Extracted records
Lemma sum_n_odd (h : nat -> C) K : (forall k, h (2 * k)%nat = 0) ->
  sum_n (fun k => h (2 * k + 1)%nat) K = sum_n h (2 * K + 1).
Proof.
  intros Heven. induction K as [|K IH].
  - change (2 * 0 + 1)%nat with 1%nat. rewrite sum_O, sum_Sn, sum_O, (Heven O : h O = 0).
    change (h 1%nat = 0 + h 1%nat). ring.
  - rewrite sum_Sn, IH. replace (2 * S K + 1)%nat with (S (S (2 * K + 1))) by lia.
    rewrite (sum_Sn h (S _)), (sum_Sn h (2 * K + 1)).
    replace (S (2 * K + 1)) with (2 * S K)%nat by lia. rewrite Heven.
    change (sum_n h (2 * K + 1) + h (S (2 * S K))
      = sum_n h (2 * K + 1) + 0 + h (S (2 * S K))). ring.
Qed.

Lemma is_series_odd (h : nat -> C) l : is_series h l -> (forall k, h (2 * k)%nat = 0) ->
  is_series (fun k => h (2 * k + 1)%nat) l.
Proof.
  intros Hs Heven. unfold is_series.
  apply (filterlim_ext (fun K => sum_n h (2 * K + 1))).
  { intros K. symmetry. apply sum_n_odd, Heven. }
  apply (filterlim_comp _ _ _ (fun K => 2 * K + 1)%nat (sum_n h) _ eventually); [| exact Hs].
  intros P [N HN]. exists N. intros n Hn. apply HN. lia.
Qed.

Lemma filterlim_sum_n_fixed (f : nat -> nat -> C) (g : nat -> C) K :
  (forall k, filterlim (fun N => f N k) eventually (locally (g k))) ->
  filterlim (fun N => sum_n (f N) K) eventually (locally (sum_n g K)).
Proof.
  intros H. induction K as [|K IH].
  - apply (filterlim_ext (fun N => f N O)); [intros; rewrite sum_O; reflexivity |].
    rewrite sum_O. apply H.
  - apply (filterlim_ext (fun N => plus (sum_n (f N) K) (f N (S K)))).
    { intros N. rewrite sum_Sn. reflexivity. }
    rewrite sum_Sn. exact (filterlim_comp_2 _ _ _ IH (H (S K)) (filterlim_plus _ _)).
Qed.

Lemma Cmod_sum_n_tail_le (a : nat -> C) (M : nat -> R) K N : (K <= N)%nat ->
  (forall k, Cmod (a k) <= M k)%R ->
  (Cmod (sum_n a N - sum_n a K) <= sum_n_m M (S K) N)%R.
Proof.
  intros HKN H.
  replace (sum_n a N - sum_n a K) with (sum_n_m a (S K) N)
    by exact (sum_n_m_sum_n (G := C_AbelianGroup) a K N HKN).
  eapply Rle_trans; [apply (norm_sum_n_m a) | apply sum_n_m_le, H].
Qed.

Lemma tannery (f : nat -> nat -> C) (g : nat -> C) (M : nat -> R) (L : C) :
  (forall k, filterlim (fun N => f N k) eventually (locally (g k))) ->
  (forall N k, (Cmod (f N k) <= M k)%R) -> ex_series M -> is_series g L ->
  filterlim (fun N => sum_n (f N) N) eventually (locally L).
Proof.
  intros Hlim HM HMs Hg.
  assert (HgM : forall k, (Cmod (g k) <= M k)%R).
  { intros k. apply (lim_Cmod_le _ _ _ (Hlim k)). intros; apply HM. }
  apply filterlim_C_eps. intros eps He.
  destruct (Cauchy_ex_series _ HMs (mkposreal (eps / 6) ltac:(lra))) as [K HK].
  assert (Htail : forall N, (K <= N)%nat -> (sum_n_m M (S K) N < eps / 6)%R).
  { intros N HN. destruct (Nat.eq_dec K N) as [<- | Hne].
    - rewrite sum_n_m_zero by lia. change (zero : R) with 0%R. lra.
    - specialize (HK (S K) N ltac:(lia) ltac:(lia)).
      eapply Rle_lt_trans; [apply Rle_abs | exact HK]. }
  destruct (proj1 (filterlim_C_eps _ _) Hg (eps / 3)%R ltac:(lra)) as [N1 H1].
  destruct (proj1 (filterlim_C_eps _ _) (filterlim_sum_n_fixed f g K Hlim) (eps / 3)%R
    ltac:(lra)) as [N2 H2].
  exists (max K (max N1 N2)). intros N HN.
  specialize (H1 N ltac:(lia)). specialize (H2 N ltac:(lia)).
  change (Cmod (sum_n g N - L) < eps / 3)%R in H1.
  pose proof (Cmod_sum_n_tail_le (f N) M K N ltac:(lia) (HM N)) as T1.
  pose proof (Cmod_sum_n_tail_le g M K N ltac:(lia) HgM) as T2.
  specialize (Htail N ltac:(lia)).
  set (X := sum_n (f N) K - sum_n g K) in *.
  set (Y := sum_n (f N) N - sum_n (f N) K) in *.
  set (Z := sum_n g N - sum_n g K) in *.
  set (W := sum_n g N - L) in *.
  replace (sum_n (f N) N - L) with (X + Y + - Z + W) by (unfold X, Y, Z, W; ring).
  pose proof (Cmod_triangle (X + Y + - Z) W).
  pose proof (Cmod_triangle (X + Y) (- Z)). rewrite Cmod_opp in *.
  pose proof (Cmod_triangle X Y).
  lra.
Qed.
Lemma sum_odds_le (R : realType) (Q : seq nat) (d : nat) (m : nat -> R) :
  uniq Q -> all prime Q -> (2 <= size Q)%N ->
  (forall q, q \in Q -> 0 < m q) -> (forall q, q \in Q -> m q <= q%:R - 1) ->
  (forall q, q \in Q -> m q <= d%:R) ->
  \sum_(q <- Q) odds (m q / q%:R) <= d.+1%:R ^+ 2 * (2 + ln (ln (size Q).+1%:R)).
Proof.
move=> uQ pQ Q2 m0 mq md; have HQ := sum_inv_prime_seq_lnln R uQ pQ Q2.
rewrite (bigID (fun q => q <= d.+1)%N) /=.
have small : \sum_(q <- Q | (q <= d.+1)%N) odds (m q / q%:R) <= d.+1%:R ^+ 2.
  apply: (@le_trans _ _ (\sum_(q <- Q | (q <= d.+1)%N) (q%:R : R))).
    rewrite big_seq_cond [leRHS]big_seq_cond; apply: ler_sum => q /andP[qQ _].
    exact: odds_div_le (m0 q qQ) (mq q qQ).
  apply: (@le_trans _ _ (\sum_(0 <= i < d.+2) (i%:R : R))).
    rewrite -big_filter; apply: ler_sum_subset.
    - exact: filter_uniq.
    - exact: iota_uniq.
    - by move=> q; rewrite mem_filter mem_index_iota ltnS => /andP[-> _].
    - by move=> i _; rewrite ler0n.
  by rewrite -natr_sum -natrX ler_nat expnSr expn1 sum_iota_le_sqr.
have large : \sum_(q <- Q | ~~ (q <= d.+1)%N) odds (m q / q%:R)
    <= d.+1%:R ^+ 2 / 2 * \sum_(q <- Q) (q%:R : R)^-1.
  rewrite mulr_sumr [leRHS](bigID (fun q => q <= d.+1)%N) /= ler_wpDl //.
    by rewrite sumr_ge0 // => i _;
      rewrite mulr_ge0 ?invr_ge0 ?ler0n ?divr_ge0 ?sqr_ge0.
  rewrite big_seq_cond [leRHS]big_seq_cond; apply: ler_sum => q /andP[qQ dq].
  rewrite -natr1; apply: odds_div_le_inv; rewrite ?m0 ?md ?ler0n //.
  by rewrite -ltnNge in dq; rewrite -(natrD R d 2) ler_nat addn2.
have := ler_wpM2l (_ : 0 <= d.+1%:R ^+ 2 / 2 :> R) HQ.
by rewrite divr_ge0 ?sqr_ge0 //; lra.
Qed.

Lemma exprn_le_expR_fact (R : realType) l :
  (l%:R : R) ^+ l <= expR l%:R * l`!%:R.
Proof.
case: l => [|n]; first by rewrite expr0 expR0 mul1r.
have := @expR_ge1Dxn R n.+1%:R n (ler0n _ _).
rewrite -ler_pdivrMr ?ltr0n ?fact_gt0 //; lra.
Qed.

Lemma taylor_term_le (R : realType) (X a : R) l :
  (0 < l)%N -> 0 <= X -> X <= a ->
  X ^+ l.+1 / l.+1`!%:R <= (expR 1 * a / l%:R) ^+ l * a.
Proof.
move=> l0 X0 Xa; have a0 := le_trans X0 Xa.
have F0 : (0 : R) < l`!%:R by rewrite ltr0n fact_gt0.
have P0 : (0 : R) < l%:R ^+ l by rewrite exprn_gt0 // ltr0n.
apply: (@le_trans _ _ (a ^+ l.+1 / l`!%:R)).
  rewrite [l.+1`!]factS natrM; apply: ler_pM; rewrite ?exprn_ge0 //.
    by rewrite lerXn2r // nnegrE.
  rewrite lef_pV2 ?posrE ?mulr_gt0 ?ltr0n ?fact_gt0 //.
  by rewrite ler_peMl ?ler1n // ltW.
rewrite exprMn exprMn exprVn -expRM_natl mulr1.
have -> : expR l%:R * a ^+ l / l%:R ^+ l * a
        = a ^+ l.+1 * expR l%:R / l%:R ^+ l by rewrite exprSr; ring.
rewrite ler_pdivlMr // mulrAC ler_pdivrMr // -mulrA.
by rewrite ler_wpM2l ?exprn_ge0 // exprn_le_expR_fact.
Qed.

Lemma expR_sum_odds_le_prod1B (R : realType) (xs : seq R) :
  all (fun x => 0 <= x < 1) xs ->
  expR (- \sum_(x <- xs) odds x) <= \prod_(x <- xs) (1 - x).
Proof.
elim: xs => [|x xs IH]; first by rewrite !big_nil oppr0 expR0.
rewrite /= => /andP[/andP[x0 x1] xs01]; rewrite !big_cons opprD expRD.
rewrite ler_pM ?expR_ge0 ?IH // expRN -[leRHS]invrK lef_pV2 ?posrE ?expR_gt0 //;
  last by rewrite invr_gt0 subr_gt0.
apply: le_trans (expR_ge1Dx _); rewrite /odds.
by rewrite le_eqVlt; apply/orP; left; apply/eqP; field; rewrite gt_eqF ?subr_gt0.
Qed.

Lemma trunc_prod1B_ge (R : realType) (xs : seq R) (a : R) l :
  (0 < l)%N -> all (fun x => 0 <= x < 1) xs -> \sum_(x <- xs) odds x <= a ->
  \prod_(x <- xs) (1 - x) * (1 - (expR 1 * a / l%:R) ^+ l * a * expR a)
    <= trunc_prod1B xs l.
Proof.
move=> l0 xs01 Ya.
have xs01' : all (fun x => 0 <= x <= 1) xs.
  by apply: sub_all xs01 => x /andP[-> /ltW].
have X0 : 0 <= \sum_(x <- xs) x.
  by rewrite big_seq sumr_ge0 // => x /(allP xs01)/andP[].
have XY : \sum_(x <- xs) x <= \sum_(x <- xs) odds x.
  rewrite big_seq [leRHS]big_seq ler_sum // => x /(allP xs01)/andP[x0 x1].
  by rewrite /odds ler_pdivlMr ?subr_gt0 //; nra.
have Xa := le_trans XY Ya; have a0 := le_trans X0 Xa.
have err := le_trans (ler_norm _) (trunc_prod1B_error l xs01').
have := taylor_term_le l0 X0 Xa; set C := _ * a => taylor.
have C0 : 0 <= C by rewrite mulr_ge0 ?exprn_ge0 ?divr_ge0 ?mulr_ge0 ?expR_ge0.
have W1 : 1 <= \prod_(x <- xs) (1 - x) * expR a.
  apply: le_trans (ler_wpM2r (expR_ge0 _) (expR_sum_odds_le_prod1B xs01)).
  by rewrite -expRD -[leLHS]expR0 ler_expR addrC subr_ge0.
have : C <= \prod_(x <- xs) (1 - x) * expR a * C by rewrite ler_peMl.
lra.
Qed.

About this exercise »
Using the entries shown above, reproduce verbatim the lines from the line bearing "replace (sum_n a" to the line bearing "Lemma tannery (f", inclusive.

Answer section »
  replace (sum_n a N - sum_n a K) with (sum_n_m a (S K) N)
    by exact (sum_n_m_sum_n (G := C_AbelianGroup) a K N HKN).
  eapply Rle_trans; [apply (norm_sum_n_m a) | apply sum_n_m_le, H].
Qed.

Lemma tannery (f : nat -> nat -> C) (g : nat -> C) (M : nat -> R) (L : C) :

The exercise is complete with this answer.